[TASK MATERIAL — start]

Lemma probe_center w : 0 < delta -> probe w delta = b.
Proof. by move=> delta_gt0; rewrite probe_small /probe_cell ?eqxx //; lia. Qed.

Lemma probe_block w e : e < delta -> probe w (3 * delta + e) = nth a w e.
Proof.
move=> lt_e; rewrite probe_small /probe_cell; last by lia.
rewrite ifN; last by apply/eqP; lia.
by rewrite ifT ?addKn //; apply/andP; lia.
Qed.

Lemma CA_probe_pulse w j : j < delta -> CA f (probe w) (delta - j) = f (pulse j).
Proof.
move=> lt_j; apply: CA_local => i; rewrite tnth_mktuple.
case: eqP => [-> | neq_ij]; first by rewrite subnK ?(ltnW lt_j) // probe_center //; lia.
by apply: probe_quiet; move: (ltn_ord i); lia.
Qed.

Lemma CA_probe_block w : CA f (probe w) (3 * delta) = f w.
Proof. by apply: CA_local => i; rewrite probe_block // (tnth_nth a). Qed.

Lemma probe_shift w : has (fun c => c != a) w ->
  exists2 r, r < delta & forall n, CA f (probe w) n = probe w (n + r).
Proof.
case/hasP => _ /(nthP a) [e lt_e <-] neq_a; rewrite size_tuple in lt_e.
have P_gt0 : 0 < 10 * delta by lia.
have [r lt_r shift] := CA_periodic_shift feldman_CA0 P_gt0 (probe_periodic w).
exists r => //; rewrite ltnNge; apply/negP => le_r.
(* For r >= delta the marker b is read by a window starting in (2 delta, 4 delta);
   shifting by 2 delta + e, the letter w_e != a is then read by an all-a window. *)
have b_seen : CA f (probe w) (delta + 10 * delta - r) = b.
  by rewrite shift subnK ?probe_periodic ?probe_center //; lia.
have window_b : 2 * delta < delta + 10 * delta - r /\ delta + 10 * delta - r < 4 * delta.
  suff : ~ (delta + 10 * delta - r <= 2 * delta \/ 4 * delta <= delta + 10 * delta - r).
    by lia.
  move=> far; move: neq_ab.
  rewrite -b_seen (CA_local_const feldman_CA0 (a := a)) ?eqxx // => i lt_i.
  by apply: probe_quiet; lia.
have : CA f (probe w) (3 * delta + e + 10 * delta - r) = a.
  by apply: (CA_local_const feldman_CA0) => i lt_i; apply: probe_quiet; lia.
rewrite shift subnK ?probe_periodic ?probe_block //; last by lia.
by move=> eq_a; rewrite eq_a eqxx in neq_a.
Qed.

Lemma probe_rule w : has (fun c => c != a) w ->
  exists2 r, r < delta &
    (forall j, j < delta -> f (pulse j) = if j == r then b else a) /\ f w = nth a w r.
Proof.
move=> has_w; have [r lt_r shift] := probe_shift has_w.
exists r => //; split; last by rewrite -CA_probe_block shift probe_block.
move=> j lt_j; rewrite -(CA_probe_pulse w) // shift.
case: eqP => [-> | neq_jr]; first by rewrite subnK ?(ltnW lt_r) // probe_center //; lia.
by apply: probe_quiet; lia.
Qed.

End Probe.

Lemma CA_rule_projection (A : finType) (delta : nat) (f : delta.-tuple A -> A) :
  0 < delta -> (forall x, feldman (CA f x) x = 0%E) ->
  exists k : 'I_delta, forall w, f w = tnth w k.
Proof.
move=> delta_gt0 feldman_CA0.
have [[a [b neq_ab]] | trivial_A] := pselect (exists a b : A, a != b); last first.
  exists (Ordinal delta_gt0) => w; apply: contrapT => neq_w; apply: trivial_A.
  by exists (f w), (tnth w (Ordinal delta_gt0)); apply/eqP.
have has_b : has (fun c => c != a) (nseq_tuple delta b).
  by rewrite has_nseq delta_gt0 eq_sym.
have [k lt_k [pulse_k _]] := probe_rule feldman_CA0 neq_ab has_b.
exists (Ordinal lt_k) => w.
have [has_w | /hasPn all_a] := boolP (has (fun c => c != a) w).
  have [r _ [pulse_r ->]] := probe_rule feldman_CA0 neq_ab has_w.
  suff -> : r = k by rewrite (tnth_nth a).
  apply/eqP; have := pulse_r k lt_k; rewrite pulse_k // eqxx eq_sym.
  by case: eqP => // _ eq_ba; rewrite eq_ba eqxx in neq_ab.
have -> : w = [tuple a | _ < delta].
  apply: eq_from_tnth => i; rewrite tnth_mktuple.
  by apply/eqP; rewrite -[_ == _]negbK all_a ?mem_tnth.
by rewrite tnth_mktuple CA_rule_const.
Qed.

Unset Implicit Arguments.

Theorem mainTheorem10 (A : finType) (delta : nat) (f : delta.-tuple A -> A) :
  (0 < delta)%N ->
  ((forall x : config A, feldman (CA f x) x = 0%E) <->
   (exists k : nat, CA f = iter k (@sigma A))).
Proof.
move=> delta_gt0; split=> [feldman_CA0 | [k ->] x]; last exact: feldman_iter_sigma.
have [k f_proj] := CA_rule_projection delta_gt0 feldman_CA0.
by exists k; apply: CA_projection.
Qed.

[TASK MATERIAL — finish]

*REQUIREMENT:*
Give back, word for word, only the lines above from the line holding "case/hasP => _" to the line holding "exists r => //; rewrite", both included.

*REPLY:*
case/hasP => _ /(nthP a) [e lt_e <-] neq_a; rewrite size_tuple in lt_e.
have P_gt0 : 0 < 10 * delta by lia.
have [r lt_r shift] := CA_periodic_shift feldman_CA0 P_gt0 (probe_periodic w).
exists r => //; rewrite ltnNge; apply/negP => le_r.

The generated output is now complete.